§ Material shown:
== Segment start ==

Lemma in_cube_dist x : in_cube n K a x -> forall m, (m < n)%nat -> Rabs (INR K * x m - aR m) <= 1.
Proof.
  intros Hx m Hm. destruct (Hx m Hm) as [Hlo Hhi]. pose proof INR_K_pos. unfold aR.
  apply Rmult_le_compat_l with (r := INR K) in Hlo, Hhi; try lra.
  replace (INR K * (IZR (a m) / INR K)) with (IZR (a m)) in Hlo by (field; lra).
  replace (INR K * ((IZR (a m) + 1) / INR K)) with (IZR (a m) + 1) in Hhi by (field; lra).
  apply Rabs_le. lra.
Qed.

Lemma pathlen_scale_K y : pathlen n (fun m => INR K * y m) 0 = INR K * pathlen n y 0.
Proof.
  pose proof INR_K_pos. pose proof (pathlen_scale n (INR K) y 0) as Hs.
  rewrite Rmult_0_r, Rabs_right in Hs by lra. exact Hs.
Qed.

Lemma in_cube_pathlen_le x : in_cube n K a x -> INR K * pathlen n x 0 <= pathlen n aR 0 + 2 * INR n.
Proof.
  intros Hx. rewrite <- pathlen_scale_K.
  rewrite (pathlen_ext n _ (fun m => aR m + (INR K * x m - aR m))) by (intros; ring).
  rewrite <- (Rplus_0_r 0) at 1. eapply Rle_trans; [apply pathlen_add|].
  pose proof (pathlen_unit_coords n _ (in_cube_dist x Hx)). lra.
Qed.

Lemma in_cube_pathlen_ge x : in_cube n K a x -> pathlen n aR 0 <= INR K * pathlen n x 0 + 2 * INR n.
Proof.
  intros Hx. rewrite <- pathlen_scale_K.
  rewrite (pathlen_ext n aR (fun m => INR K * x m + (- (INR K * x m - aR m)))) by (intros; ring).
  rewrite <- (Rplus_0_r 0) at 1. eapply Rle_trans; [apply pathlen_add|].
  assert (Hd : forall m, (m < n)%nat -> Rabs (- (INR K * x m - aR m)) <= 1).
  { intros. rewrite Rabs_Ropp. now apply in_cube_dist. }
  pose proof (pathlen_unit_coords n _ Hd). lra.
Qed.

== Segment end ==
== Segment start ==

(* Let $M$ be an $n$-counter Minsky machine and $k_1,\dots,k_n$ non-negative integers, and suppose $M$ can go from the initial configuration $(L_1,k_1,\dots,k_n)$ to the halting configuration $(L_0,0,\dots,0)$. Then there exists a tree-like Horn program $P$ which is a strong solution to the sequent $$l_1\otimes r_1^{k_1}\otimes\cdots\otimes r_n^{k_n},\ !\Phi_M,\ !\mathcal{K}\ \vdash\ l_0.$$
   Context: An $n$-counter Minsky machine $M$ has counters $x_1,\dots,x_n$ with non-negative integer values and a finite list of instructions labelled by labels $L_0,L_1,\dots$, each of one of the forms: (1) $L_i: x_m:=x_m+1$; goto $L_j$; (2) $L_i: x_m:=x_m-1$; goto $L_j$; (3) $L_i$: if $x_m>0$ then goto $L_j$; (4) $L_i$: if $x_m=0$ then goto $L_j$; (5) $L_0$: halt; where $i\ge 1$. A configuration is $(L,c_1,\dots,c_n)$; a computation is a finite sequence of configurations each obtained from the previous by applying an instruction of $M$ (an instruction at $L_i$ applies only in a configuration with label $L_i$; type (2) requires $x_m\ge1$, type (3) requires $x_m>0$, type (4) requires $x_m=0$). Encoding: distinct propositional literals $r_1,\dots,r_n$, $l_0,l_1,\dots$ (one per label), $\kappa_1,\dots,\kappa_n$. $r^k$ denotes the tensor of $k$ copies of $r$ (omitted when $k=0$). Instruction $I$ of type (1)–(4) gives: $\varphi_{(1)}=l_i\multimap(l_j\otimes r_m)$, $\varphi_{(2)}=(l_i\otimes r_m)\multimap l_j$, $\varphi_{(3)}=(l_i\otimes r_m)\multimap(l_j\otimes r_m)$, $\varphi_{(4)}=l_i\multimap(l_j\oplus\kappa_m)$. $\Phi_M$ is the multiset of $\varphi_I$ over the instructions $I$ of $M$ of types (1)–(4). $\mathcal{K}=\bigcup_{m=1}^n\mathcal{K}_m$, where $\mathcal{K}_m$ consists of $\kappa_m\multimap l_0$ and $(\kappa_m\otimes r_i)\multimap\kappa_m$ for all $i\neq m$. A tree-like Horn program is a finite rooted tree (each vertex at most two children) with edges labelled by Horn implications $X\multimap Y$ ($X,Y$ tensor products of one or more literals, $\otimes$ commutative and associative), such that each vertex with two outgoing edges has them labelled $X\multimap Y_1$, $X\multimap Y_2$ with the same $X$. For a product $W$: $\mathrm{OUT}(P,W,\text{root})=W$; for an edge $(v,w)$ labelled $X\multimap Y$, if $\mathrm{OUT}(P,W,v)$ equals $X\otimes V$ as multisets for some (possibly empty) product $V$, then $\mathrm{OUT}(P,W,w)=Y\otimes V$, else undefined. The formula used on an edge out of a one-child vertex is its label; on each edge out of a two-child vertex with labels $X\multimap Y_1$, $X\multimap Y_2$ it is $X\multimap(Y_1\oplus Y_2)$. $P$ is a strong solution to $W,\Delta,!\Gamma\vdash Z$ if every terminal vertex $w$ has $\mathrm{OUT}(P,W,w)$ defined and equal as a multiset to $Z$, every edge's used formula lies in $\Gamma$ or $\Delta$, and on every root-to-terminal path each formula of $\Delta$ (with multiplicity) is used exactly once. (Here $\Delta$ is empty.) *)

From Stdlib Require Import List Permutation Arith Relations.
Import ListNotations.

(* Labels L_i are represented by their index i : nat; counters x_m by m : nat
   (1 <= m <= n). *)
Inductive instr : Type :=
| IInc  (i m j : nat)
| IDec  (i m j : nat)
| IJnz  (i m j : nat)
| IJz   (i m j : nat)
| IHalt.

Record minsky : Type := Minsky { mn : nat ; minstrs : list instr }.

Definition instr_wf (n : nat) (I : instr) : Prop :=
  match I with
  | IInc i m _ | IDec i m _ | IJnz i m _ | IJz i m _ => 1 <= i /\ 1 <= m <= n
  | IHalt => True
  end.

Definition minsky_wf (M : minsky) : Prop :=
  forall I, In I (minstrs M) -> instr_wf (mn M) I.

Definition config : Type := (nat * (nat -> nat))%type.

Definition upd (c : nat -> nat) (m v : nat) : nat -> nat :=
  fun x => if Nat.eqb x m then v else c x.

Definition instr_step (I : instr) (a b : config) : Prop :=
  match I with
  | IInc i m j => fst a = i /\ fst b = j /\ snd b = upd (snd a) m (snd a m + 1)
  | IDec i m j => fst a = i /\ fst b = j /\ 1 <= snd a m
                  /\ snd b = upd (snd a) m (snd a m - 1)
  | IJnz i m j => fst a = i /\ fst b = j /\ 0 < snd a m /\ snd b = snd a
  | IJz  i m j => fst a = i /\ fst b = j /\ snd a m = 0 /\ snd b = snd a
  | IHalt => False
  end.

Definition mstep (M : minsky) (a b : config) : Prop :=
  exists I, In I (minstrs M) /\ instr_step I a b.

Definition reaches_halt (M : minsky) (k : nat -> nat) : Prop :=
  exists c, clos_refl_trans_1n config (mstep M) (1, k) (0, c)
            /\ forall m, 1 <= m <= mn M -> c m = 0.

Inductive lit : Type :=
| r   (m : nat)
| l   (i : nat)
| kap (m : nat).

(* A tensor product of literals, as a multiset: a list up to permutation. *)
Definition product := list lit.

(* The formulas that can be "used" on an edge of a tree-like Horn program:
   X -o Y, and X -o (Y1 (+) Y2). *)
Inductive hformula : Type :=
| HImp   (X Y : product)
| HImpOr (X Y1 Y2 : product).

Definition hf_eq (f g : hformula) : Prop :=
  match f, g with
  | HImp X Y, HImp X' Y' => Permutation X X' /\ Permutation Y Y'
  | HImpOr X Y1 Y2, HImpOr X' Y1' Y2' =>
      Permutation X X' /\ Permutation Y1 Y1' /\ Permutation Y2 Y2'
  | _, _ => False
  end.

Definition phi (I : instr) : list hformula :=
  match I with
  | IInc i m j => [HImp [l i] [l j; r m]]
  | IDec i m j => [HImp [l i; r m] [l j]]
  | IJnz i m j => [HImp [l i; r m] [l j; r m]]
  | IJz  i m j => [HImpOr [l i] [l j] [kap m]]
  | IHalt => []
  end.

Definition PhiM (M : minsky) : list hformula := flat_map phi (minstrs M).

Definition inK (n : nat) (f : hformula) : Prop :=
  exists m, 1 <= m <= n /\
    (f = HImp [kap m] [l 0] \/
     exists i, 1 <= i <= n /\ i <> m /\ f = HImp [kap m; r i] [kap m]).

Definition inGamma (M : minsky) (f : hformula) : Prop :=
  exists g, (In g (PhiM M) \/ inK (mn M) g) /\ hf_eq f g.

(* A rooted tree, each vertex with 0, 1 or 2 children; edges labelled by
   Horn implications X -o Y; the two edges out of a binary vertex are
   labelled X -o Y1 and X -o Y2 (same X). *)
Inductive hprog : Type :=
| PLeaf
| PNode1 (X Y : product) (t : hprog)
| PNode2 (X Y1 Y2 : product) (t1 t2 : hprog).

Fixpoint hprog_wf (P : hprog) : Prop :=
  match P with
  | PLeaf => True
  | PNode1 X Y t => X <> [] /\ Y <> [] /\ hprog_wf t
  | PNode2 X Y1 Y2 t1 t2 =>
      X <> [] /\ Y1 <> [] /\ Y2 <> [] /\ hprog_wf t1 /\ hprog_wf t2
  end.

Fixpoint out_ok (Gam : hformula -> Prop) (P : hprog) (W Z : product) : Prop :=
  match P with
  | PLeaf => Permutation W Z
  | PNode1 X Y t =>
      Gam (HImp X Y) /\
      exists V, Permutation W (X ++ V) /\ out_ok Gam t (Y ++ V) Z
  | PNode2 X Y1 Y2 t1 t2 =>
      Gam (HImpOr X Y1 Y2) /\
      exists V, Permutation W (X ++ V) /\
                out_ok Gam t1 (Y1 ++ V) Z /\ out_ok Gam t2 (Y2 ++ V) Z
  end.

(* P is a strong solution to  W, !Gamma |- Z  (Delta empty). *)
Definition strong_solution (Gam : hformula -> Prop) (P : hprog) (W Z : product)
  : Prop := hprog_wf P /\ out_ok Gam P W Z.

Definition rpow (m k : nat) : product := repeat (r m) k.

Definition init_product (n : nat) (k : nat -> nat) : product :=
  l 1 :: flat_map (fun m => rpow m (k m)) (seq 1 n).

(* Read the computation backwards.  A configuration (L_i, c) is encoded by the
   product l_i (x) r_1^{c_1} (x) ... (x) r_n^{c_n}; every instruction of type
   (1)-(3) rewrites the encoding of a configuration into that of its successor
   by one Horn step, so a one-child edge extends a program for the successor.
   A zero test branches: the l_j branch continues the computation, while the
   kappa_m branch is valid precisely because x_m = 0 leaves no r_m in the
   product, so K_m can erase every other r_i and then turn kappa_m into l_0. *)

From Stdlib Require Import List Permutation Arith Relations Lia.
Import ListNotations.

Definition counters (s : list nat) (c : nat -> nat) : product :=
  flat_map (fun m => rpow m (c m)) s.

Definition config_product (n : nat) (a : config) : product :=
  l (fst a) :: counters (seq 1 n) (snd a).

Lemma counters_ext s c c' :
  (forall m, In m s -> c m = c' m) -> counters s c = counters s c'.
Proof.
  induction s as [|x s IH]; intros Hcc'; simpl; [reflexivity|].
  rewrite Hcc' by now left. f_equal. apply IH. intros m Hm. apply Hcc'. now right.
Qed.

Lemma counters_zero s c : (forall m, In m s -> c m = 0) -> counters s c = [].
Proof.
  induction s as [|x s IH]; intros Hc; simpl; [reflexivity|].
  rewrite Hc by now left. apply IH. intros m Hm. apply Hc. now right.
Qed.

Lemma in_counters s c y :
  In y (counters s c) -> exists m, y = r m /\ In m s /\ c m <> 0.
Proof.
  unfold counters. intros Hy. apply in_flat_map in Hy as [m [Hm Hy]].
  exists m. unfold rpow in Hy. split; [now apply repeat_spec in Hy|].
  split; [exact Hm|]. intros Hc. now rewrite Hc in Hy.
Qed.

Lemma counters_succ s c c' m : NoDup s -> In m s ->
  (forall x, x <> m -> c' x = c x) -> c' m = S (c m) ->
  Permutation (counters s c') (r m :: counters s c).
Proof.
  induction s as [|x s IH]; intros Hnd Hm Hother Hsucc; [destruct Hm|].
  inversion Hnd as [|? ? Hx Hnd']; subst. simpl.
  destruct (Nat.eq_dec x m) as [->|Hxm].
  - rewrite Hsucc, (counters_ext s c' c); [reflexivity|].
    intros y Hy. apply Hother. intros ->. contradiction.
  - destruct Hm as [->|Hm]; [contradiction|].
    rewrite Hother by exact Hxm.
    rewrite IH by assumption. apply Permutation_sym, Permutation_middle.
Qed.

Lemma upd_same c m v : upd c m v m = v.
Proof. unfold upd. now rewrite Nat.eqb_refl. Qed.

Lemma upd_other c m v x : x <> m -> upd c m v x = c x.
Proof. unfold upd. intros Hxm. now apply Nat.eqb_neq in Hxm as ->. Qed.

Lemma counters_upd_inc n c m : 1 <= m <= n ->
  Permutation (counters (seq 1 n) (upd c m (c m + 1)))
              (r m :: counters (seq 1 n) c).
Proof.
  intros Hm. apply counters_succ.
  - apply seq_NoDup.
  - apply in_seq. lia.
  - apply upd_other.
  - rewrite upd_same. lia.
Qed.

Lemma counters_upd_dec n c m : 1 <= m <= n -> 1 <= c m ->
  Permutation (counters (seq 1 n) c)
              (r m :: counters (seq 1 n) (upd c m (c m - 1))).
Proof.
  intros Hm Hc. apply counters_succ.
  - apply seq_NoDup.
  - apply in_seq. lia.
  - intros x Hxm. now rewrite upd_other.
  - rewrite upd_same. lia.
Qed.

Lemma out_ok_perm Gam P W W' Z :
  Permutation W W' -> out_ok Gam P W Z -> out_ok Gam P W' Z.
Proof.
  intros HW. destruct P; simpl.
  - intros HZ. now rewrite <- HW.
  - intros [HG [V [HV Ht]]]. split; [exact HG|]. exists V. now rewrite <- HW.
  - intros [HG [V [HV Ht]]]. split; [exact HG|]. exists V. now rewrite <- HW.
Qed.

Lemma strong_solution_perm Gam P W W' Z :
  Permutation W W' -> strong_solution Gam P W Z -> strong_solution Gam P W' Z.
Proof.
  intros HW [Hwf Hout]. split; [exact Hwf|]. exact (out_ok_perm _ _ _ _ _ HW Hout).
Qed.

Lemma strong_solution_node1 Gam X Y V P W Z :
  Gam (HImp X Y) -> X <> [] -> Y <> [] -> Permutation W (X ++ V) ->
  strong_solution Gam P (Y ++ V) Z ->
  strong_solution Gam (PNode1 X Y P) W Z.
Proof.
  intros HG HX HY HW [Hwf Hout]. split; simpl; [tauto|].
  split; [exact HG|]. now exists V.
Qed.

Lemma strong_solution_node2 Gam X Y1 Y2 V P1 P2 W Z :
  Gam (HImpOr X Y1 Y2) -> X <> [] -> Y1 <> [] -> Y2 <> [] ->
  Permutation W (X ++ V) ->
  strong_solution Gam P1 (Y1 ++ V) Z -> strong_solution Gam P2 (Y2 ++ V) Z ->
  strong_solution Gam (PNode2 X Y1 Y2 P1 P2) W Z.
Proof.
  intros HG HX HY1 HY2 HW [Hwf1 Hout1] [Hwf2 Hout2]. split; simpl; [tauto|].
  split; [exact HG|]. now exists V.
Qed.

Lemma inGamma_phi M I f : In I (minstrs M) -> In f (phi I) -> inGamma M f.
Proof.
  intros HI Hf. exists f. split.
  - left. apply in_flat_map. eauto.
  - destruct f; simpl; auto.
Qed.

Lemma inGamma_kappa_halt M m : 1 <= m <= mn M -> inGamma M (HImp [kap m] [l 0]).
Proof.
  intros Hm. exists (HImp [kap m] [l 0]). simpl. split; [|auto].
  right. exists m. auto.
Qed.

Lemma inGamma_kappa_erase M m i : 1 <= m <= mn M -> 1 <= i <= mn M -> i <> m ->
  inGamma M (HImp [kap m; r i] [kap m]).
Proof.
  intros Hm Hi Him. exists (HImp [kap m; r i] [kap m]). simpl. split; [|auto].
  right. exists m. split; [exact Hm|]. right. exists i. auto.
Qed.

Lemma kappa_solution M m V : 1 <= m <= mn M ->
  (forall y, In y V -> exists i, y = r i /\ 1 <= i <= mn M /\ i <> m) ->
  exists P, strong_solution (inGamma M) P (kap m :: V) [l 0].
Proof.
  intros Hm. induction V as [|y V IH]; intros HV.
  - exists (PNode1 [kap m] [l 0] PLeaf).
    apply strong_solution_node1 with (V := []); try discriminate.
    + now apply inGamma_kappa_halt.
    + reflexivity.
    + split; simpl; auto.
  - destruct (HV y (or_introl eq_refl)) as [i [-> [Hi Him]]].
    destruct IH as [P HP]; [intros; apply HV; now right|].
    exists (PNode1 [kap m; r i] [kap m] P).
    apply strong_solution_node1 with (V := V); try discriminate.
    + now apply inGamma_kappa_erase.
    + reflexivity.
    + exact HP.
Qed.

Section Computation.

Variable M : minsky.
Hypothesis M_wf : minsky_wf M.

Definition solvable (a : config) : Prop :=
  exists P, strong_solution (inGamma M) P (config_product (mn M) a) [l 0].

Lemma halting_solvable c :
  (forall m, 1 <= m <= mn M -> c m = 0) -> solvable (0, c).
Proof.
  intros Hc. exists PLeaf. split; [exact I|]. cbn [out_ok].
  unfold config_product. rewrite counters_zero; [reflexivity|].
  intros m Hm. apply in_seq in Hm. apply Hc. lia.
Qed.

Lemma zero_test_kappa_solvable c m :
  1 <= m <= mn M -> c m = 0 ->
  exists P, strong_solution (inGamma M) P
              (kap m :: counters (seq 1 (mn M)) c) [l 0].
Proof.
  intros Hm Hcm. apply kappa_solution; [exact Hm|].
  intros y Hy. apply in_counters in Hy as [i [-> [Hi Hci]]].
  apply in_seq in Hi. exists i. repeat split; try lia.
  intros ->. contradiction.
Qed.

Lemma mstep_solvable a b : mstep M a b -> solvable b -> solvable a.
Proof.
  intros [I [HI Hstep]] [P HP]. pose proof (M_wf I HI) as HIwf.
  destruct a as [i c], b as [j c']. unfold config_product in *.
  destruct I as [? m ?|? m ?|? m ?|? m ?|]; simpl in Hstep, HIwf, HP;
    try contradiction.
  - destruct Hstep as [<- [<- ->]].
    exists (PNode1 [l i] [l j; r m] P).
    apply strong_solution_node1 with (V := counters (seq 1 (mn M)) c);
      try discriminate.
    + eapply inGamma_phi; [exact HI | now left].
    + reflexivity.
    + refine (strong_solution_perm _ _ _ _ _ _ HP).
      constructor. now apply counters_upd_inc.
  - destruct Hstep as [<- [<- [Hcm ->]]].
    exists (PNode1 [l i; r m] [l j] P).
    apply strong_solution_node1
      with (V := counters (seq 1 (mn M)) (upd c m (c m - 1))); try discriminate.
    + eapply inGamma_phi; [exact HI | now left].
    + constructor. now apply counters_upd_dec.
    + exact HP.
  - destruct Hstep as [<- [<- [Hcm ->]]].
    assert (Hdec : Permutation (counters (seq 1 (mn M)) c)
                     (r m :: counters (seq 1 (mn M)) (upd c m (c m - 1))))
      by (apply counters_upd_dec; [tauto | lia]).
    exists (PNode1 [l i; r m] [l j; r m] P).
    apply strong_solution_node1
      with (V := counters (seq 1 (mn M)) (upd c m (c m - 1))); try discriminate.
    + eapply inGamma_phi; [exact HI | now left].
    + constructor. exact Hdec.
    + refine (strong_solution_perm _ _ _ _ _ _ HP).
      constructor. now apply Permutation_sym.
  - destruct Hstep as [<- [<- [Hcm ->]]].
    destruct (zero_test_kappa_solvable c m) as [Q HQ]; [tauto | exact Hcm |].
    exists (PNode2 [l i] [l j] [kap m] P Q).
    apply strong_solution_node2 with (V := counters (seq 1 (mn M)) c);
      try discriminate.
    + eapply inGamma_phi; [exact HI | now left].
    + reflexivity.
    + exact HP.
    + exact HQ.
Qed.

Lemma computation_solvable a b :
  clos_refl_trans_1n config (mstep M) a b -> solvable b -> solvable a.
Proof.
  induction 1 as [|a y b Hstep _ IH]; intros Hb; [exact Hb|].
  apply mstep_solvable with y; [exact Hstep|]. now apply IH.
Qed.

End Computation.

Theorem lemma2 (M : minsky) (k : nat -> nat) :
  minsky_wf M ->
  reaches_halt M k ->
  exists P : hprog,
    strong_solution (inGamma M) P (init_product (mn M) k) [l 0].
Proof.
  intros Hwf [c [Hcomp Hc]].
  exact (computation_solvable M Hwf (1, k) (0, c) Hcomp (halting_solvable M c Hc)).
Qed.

== Segment end ==

§ Brief: Show me each line of the listing above with "ring" in it.

§ Exercise result:
  rewrite (pathlen_ext n _ (fun m => aR m + (INR K * x m - aR m))) by (intros; ring).
  rewrite (pathlen_ext n aR (fun m => INR K * x m + (- (INR K * x m - aR m)))) by (intros; ring).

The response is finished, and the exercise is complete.